Opinion
No. 2 CA-CR 2013-0455-PR
04-10-2014
THE STATE OF ARIZONA, Respondent, v. MANUEL LUIS GARCIA, Petitioner.
Harold L. Higgins, P.C., Tucson By Harold L. Higgins Jr. Counsel for Petitioner
THIS DECISION DOES NOT CREATE LEGAL PRECEDENT AND
MAY NOT BE CITED EXCEPT AS AUTHORIZED BY APPLICABLE RULES.
NOT FOR PUBLICATION
See Ariz. R. Sup. Ct. 111(c); Ariz. R. Crim. P. 31.24.
Petition for Review from the Superior Court in Pima County
No. CR20091371001
The Honorable James E. Marner, Judge
REVIEW GRANTED; RELIEF DENIED
COUNSEL
Harold L. Higgins, P.C., Tucson
By Harold L. Higgins Jr.
Counsel for Petitioner
MEMORANDUM DECISION
Judge Espinosa authored the decision of the Court, in which Presiding Judge Kelly and Judge Eckerstrom concurred. ESPINOSA, Judge:
¶1 After a jury trial, petitioner Manuel Garcia was convicted of second-degree burglary, first-degree burglary, aggravated assault with a deadly weapon or dangerous instrument, two counts of kidnapping and fourteen counts of sexual assault. This court affirmed the convictions and sentences, which totaled 544 years' imprisonment. State v. Garcia, No. 2 CA-CR 2010-0366 (memorandum decision filed May 19, 2011). Garcia filed a notice and petition for post-conviction relief pursuant to Rule 32, Ariz. R. Crim. P., raising claims of ineffective assistance of trial counsel. The trial court denied relief without an evidentiary hearing and this petition for review followed.
¶2 "We will not disturb a trial court's ruling on a petition for post-conviction relief absent a clear abuse of discretion." State v. Swoopes, 216 Ariz. 390, ¶ 4, 166 P.3d 945, 948 (App. 2007). In its September 2013 ruling, the trial court identified the claims Garcia raised, thoroughly analyzing each. See State v. Whipple, 177 Ariz. 272, 274, 866 P.2d 1358, 1360 (App. 1993). Garcia has not persuaded us on review that the court's resolution of those claims was incorrect, given the evidence in the record, the affidavits Garcia presented with the Rule 32 petition, the applicable law, and the discussion between the parties and the court during the August 2013 status hearing on the petition. We note, in particular, the compelling evidence against Garcia, including DNA evidence related to both sexual assaults and victim J.'s identification at trial of the tattoos on Garcia's wrist as the same as the tattoos on the person who had assaulted her.
Deoxyribonucleic acid.
¶3 The trial court found that, even assuming counsel's performance had fallen below prevailing professional norms, Garcia had failed to raise a colorable claim for relief because he had not and could not establish that this allegedly deficient performance had been prejudicial, as required under the test set forth in Strickland v. Washington, 466 U.S. 668 (1984). See State v. Fillmore, 187 Ariz. 174, 180, 927 P.2d 1303, 1309 (App. 1996) ("[t]o avoid summary dismissal and achieve an evidentiary hearing on a post-conviction claim of ineffective assistance of counsel," petitioner must raise colorable claim on both parts of the Strickland test, deficient performance and resulting prejudice). The court's ruling and its comments during the status hearing reflect it carefully considered the record and applied the correct standards for determining whether Garcia had raised a claim that entitled him to relief or, at the very least, an evidentiary hearing.

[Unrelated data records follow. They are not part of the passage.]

Lemma hconv_grade (f g : H -> R) n x : linR f -> linR g -> grade hA n x ->
  exists2 s : seq (nat * (H * H)),
    conv f g x = \sum_(q <- s) f q.2.1 * g q.2.2 &
    forall q, q \in s -> [/\ (q.1 <= n)%N, grade hA q.1 q.2.1 & grade hA (n - q.1) q.2.2].
Proof.
move=> lf lg /grade_cop [s [st sg]]; exists s.
  by rewrite /hconv (st f g lf lg) /pair2 big_map.
by move=> q /sg [? []].
Qed.

Lemma hconv_infchar_grade (f e : H -> R) n x :
  linR f -> is_infchar hA e -> grade hA n x ->
  (forall k a, (k < n)%N -> grade hA k a -> f a = 0) -> conv f e x = 0.
Proof.
move=> lf ie xn f0; have [s -> sg] := hconv_grade lf ie.1 xn.
rewrite big1_seq // => q /andP[_ /sg [qn q1 q2]].
have [qe|qlt] := eqVneq q.1 n.
  by rewrite (infchar_grade0 ie) ?mulr0 //; rewrite qe subnn in q2.
by rewrite (f0 q.1) ?mul0r // ltn_neqAle qlt qn.
Qed.

End ConvolutionAlgebra.

Section ConvolutionDerivatives.
Variables (R : realType) (H : comAlgType R) (hA : cgHopf H) (T : R).
Hypothesis T_gt0 : 0 < T.
Local Notation I := (inI T).
Local Notation hd := (has_deriv_on T).
Local Notation eps := (eps hA).
Local Notation conv := (hconv hA).

Lemma has_deriv_on_hconvr (a : H -> R) (B : R -> H -> R) (b : H -> R) t h :
  (forall k, hd (fun u => B u k) t (b k)) ->
  hd (fun u => conv a (B u) h) t (conv a b h).
Proof. by move=> Bb; apply: has_deriv_on_sum => p; exact: has_deriv_onZ. Qed.

Lemma has_deriv_on_hconv (A B : R -> H -> R) (a b : H -> R) t h :
  A t = eps -> B t = eps -> linR a -> linR b ->
  (forall k, hd (fun u => A u k) t (a k)) -> (forall k, hd (fun u => B u k) t (b k)) ->
  hd (fun u => conv (A u) (B u) h) t (a h + b h).
Proof.
move=> At Bt la lb Aa Bb.
have := has_deriv_on_sum (s := cop hA h) (fun p => has_deriv_onM (Aa p.1) (Bb p.2)).
congr hd; rewrite big_split /= At Bt.
by rewrite -[in RHS](hconv_epsr hA la) -[in RHS](hconv_epsl hA lb).
Qed.

Lemma has_deriv_on_char_infchar (C : R -> H -> R) t (d : H -> R) : I t ->
  (forall u, I u -> is_char (C u)) -> C t = eps ->
  (forall h, hd (fun u => C u h) t (d h)) -> is_infchar hA d.
Proof.
move=> It Cchar Ct Cd; split => [a x y | x y].
- apply: (has_deriv_on_unique T_gt0 It (Cd _)).
  apply: (has_deriv_on_ext _ It (has_deriv_onD (has_deriv_onZ (c := a) (Cd x)) (Cd y))).
  by move=> u Iu; rewrite (Cchar u Iu).1.
- rewrite (has_deriv_on_unique T_gt0 It (Cd _) (_ : hd _ t (d x * C t y + C t x * d y))).
    by rewrite Ct; ring.
  apply: (has_deriv_on_ext _ It (has_deriv_onM (Cd x) (Cd y))) => u Iu.
  by rewrite (Cchar u Iu).2.1.
Qed.

End ConvolutionDerivatives.

Section CartanDevelopment.
Variables (R : realType) (H : comAlgType R) (hA : cgHopf H) (T : R).
Local Notation I := (inI T).
Local Notation hd := (has_deriv_on T).
Local Notation eps := (eps hA).
Local Notation conv := (hconv hA).

Variables (gam eta : R -> H -> R).
Hypothesis gam_lin : forall t, I t -> linR (gam t).
Hypothesis gam0 : gam 0 = eps.
Hypothesis eta_infchar : forall t, I t -> is_infchar hA (eta t).
Hypothesis gam_deriv :
  forall t h, I t -> hd (fun u => gam u h) t (conv (gam t) (eta t) h).

Lemma gam_one t : I t -> gam t 1 = 1.
Proof.
move=> It; rewrite -(eps_one hA) -gam0.
apply: (has_deriv_on0_const (T := T) (f := fun u => gam u 1)) => // x Ix.
have := @gam_deriv x 1 Ix; congr hd.
rewrite /hconv (cop_one hA (gam_lin Ix) (eta_infchar Ix).1) /pair2 big_seq1 /=.
by rewrite (infchar1 (eta_infchar Ix)) mulr0.
Qed.

Definition mul_defect t x y := gam t (x * y) - gam t x * gam t y.

Lemma linR_mul_defectl t y : I t -> linR (fun a => mul_defect t a y).
Proof.
move=> It; apply: linR_sub; first exact: linR_comp_mulr (gam_lin It).
by move=> c a b; rewrite (gam_lin It); ring.
Qed.

Lemma linR_mul_defectr t x : I t -> linR (mul_defect t x).
Proof.
move=> It; apply: linR_sub; first exact: linR_comp_mull (gam_lin It).
exact: linR_scale (gam_lin It).
Qed.

(* The defect obeys a linear ODE driven by [eta], whose right-hand side only
   involves the defect in strictly lower total degree. *)
Lemma mul_defect_deriv t x y : I t ->
  hd (fun u => mul_defect u x y) t
     (conv (fun a => mul_defect t a y) (eta t) x + conv (mul_defect t x) (eta t) y).
Proof.
move=> It.
have := has_deriv_onD (@gam_deriv t (x * y) It)
  (has_deriv_onN (has_deriv_onM (@gam_deriv t x It) (@gam_deriv t y It))).
congr hd; rewrite (hconv_infchar_mul _ _ (gam_lin It) (eta_infchar It)).
have -> : (fun a => mul_defect t a y) = (fun a => gam t (a * y) - gam t y * gam t a).
  by apply/funext => a; rewrite /mul_defect [gam t a * _]mulrC.
by rewrite /mul_defect !hconv_subl; ring.
Qed.

Lemma mul_defect_grade N n m x y : (n + m < N)%N ->
  grade hA n x -> grade hA m y -> forall t, I t -> mul_defect t x y = 0.
Proof.
elim: N n m x y => [//|N IHN] n m x y nmN xn ym.
suff d0 t : I t -> hd (fun u => mul_defect u x y) t 0.
  by move=> t It; rewrite (has_deriv_on0_const d0 It) /mul_defect gam0 (eps_mul hA) subrr.
move=> It; have := @mul_defect_deriv t x y It; congr hd.
have dl := hconv_infchar_grade (linR_mul_defectl y It) (eta_infchar It) xn.
have dr := hconv_infchar_grade (linR_mul_defectr x It) (eta_infchar It) ym.
rewrite dl ?dr ?addr0 // => k a kb ak.
- by apply: (IHN n k) => //; lia.
- by apply: (IHN k m) => //; lia.
Qed.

¶4 Although Garcia argues in his petition for review that the trial court specifically addressed only some of the claims he had raised, that does not require us to infer the court never considered all of the claims and arguments Garcia had raised in the petition. Rather, based on the language of the ruling, the court's comments at the status hearing, and the presumption that a judge has reviewed the memoranda submitted to him or her, we infer the court considered and rejected all of the claims of ineffective assistance of counsel and the arguments supporting those claims. See Flynn v. Cornoyer-Hedrick Architects & Planners, Inc., 160 Ariz. 187, 193, 772 P.2d 10, 16 (App. 1988) (rejecting claim that court had not read reply to response to motion, despite absence in minute entry of express statement by court it had done so); cf. Occidental Chem. Co. v. Connor, 124 Ariz. 341, 344, 604 P.2d 605, 608 (1979) (appellate court presumes trial court considered affidavits that were part of record when it ruled on motion). Because the trial court's ruling is correct and no purpose would be served by restating the ruling in its entirety here, we adopt the ruling. See Whipple, 177 Ariz. at 274, 866 P.2d at 1360.
¶5 For the reasons stated herein, although Garcia's petition for review is granted, relief is denied.